I agree there are bugs in LLDB. I also don't like the compiler just
assuming debug info will be available from somewhere else. It isn't always
available, and we do have code that proves that here at Apple and this is
the reason the flag defaults to enable the -fstandalone-debug.
I believe the real solution is to do proper type uniquing in the compiler
and linker. This is definitely a hard problem to solve correctly without
increasing .o file size, but it is an effort I do believe is well worth it.
A few possible solutions:
1 - if the compiler uses precompiled headers, emit all types from the
precompiled headers with their full definitions once into standalone PCH
DWARF file. Then refer to these full types in this external file with new
DWARF tags. This keeps the .o files small, and would keep the types
properly organized inside a DW_TAG_compile_unit for each header file. When
the linker links the final executable and is going to make the DWARF for
the linked executable, it will copy the DWARF for the precompiled header
over into the final binary, and then link each .o file and fix up any
external type references to the types in the PCH DWARF. Then we get full
debug info, no type duplication what so ever. The downside is this requires
PCH.
It's an interesting idea. I wonder if MSVC's PCH step adds type info to
the PDB. Unfortunately, PCH is kind of a non-starter for Google's usage.

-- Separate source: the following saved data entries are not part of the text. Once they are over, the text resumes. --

Lemma diag_perm_ones w w_neq0 i : @diag_perm w w_neq0 (const_mx 1) 0 i = w i.
Proof. by rewrite diag_permE !mxE mulr1. Qed.

Lemma diag_perm_inj w1 w2 w1_neq0 w2_neq0 :
  @diag_perm w1 w1_neq0 = @diag_perm w2 w2_neq0 -> w1 =1 w2.
Proof.
by move=> eq12 i; rewrite -(diag_perm_ones w1_neq0) -(diag_perm_ones w2_neq0) eq12.
Qed.

Lemma diag_perm_eq1 w w_neq0 : @diag_perm w w_neq0 = 1%g <-> w =1 (fun=> 1).
Proof.
split=> [w_perm1 i|w_eq1]; first by rewrite -(diag_perm_ones w_neq0) w_perm1 perm1 mxE.
by apply/permP => y; rewrite diag_permE perm1; apply/rowP => i; rewrite mxE w_eq1 mul1r.
Qed.

End DiagonalScaling.

Section InnerMappings.
Variables (K : finFieldType) (sigma : {rmorphism K -> K}) (f : {poly K}) (m : nat).
Hypotheses (size_f : size f = m.+1) (m_gt1 : (1 < m)%N).
Local Notation mul := (sf_mul sigma f (m:=m)).
Local Notation "a %:S" := (sf_const m a) (at level 2, format "a %:S").
Let m_gt0 : (0 < m)%N := ltnW m_gt1.
Let i1 : 'I_m := Ordinal m_gt1.
Implicit Types (a : K) (c u : {unit K}).

Lemma unit_neq0 u : val u != 0.
Proof. by rewrite -unitfE (valP u). Qed.

Lemma twist_neq0 c (i : 'I_m) : (val c)^-1 * iter i sigma (val c) != 0.
Proof. by rewrite mulf_neq0 ?invr_eq0 ?fmorph_eq0 ?unit_neq0. Qed.

Lemma right_weight_neq0 c (i : 'I_m) : iter i sigma (val c) != 0.
Proof. by rewrite fmorph_eq0 unit_neq0. Qed.

Lemma norm_weight_neq0 u (i : 'I_m) : sknorm sigma i (val u) != 0.
Proof. by rewrite sknorm_neq0 ?unit_neq0. Qed.

Definition inner_perm c := diag_perm (twist_neq0 c).
Definition left_perm c := diag_perm (fun _ : 'I_m => unit_neq0 c).
Definition right_perm c := diag_perm (right_weight_neq0 c).
Definition norm_perm u := diag_perm (norm_weight_neq0 u).

Lemma left_perm_Lset c : left_perm c \in Lset mul (val c)%:S.
Proof.
rewrite inE; apply/forallP => y; rewrite diag_permE sf_mul_constl //.
by apply/eqP/rowP => i; rewrite !mxE.
Qed.

Lemma right_perm_Rset c : right_perm c \in Rset mul (val c)%:S.
Proof.
rewrite inE; apply/forallP => y; rewrite diag_permE sf_mul_constr //.
by apply/eqP/rowP => i; rewrite !mxE mulrC.
Qed.

Lemma inner_perm_RLV c : inner_perm c = (right_perm c * (left_perm c)^-1)%g.
Proof.
apply: (canRL (mulgK (left_perm c))); apply: diag_permM => i.
by rewrite mulrC mulrA divff ?mul1r ?unit_neq0.
Qed.

Lemma inner_permE c x : inner_perm c x = mul (mul ((val c)^-1)%:S x) (val c)%:S.
Proof.
by rewrite diag_permE sf_mul_constr ?sf_mul_constl //; apply/rowP => i; rewrite !mxE; ring.
Qed.

Lemma inner_perm_const c a : inner_perm c a%:S = a%:S.
Proof.
rewrite diag_permE; apply/rowP => i; rewrite !mxE coefC.
by case: eqP => [/= -> |]; rewrite ?mulr0 // mulVf ?mul1r ?unit_neq0.
Qed.

Lemma inner_perm_mid c : mid_inner mul (inner_perm c).
Proof.
exists (val c)%:S; split=> [|y _]; first by rewrite sf_const_eq0 //; apply: unit_neq0.
rewrite sf_mul_constl // sf_mul_constr // diag_permE; apply/rowP => i; rewrite !mxE.
by rewrite !mulrA mulfV ?mul1r ?[_ * y 0 i]mulrC //; apply: unit_neq0.
Qed.

Lemma inner_perm_Mlt c : inner_perm c \in Mlt mul.
Proof.
have cS_neq0 : (val c)%:S != 0 by rewrite sf_const_eq0 //; apply: unit_neq0.
rewrite inner_perm_RLV groupM ?groupV // mem_gen //; apply/bigcupP; exists (val c)%:S => //;
  by rewrite inE ?left_perm_Lset ?right_perm_Rset ?orbT.
Qed.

2 - emit full types for everything in the .o files and then have a quick
way to unique them. DWARF has a .debug_types section that does this using
special ELF sections that the linker knows how to unique, but I don't
really like the DWARF output for this as it spreads everything into
separate sections. This also makes the .o files much larger as they all
carry full type info.
Yep, I believe we currently do this at Google to reduce the size of the
final linked image. I don't know which flags control it. But we also need
-fno-standalone-debug because if the object files are too large, the link
step will overflow the memory quota and die. That's why this is important
to us: without this cleverness, programs actually fail to link.
In theory, smaller object files and faster links are useful to all the
other consumers of Clang, so all this work has been upstream and
on-by-default, but obviously it isn't working for LLDB.
Anyway, we should try to figure something out. I understand if you're not
interested in pursuing this work, I just hope that patches to make LLDB
smarter about this are welcome, and that we can help out as necessary on
the Clang side.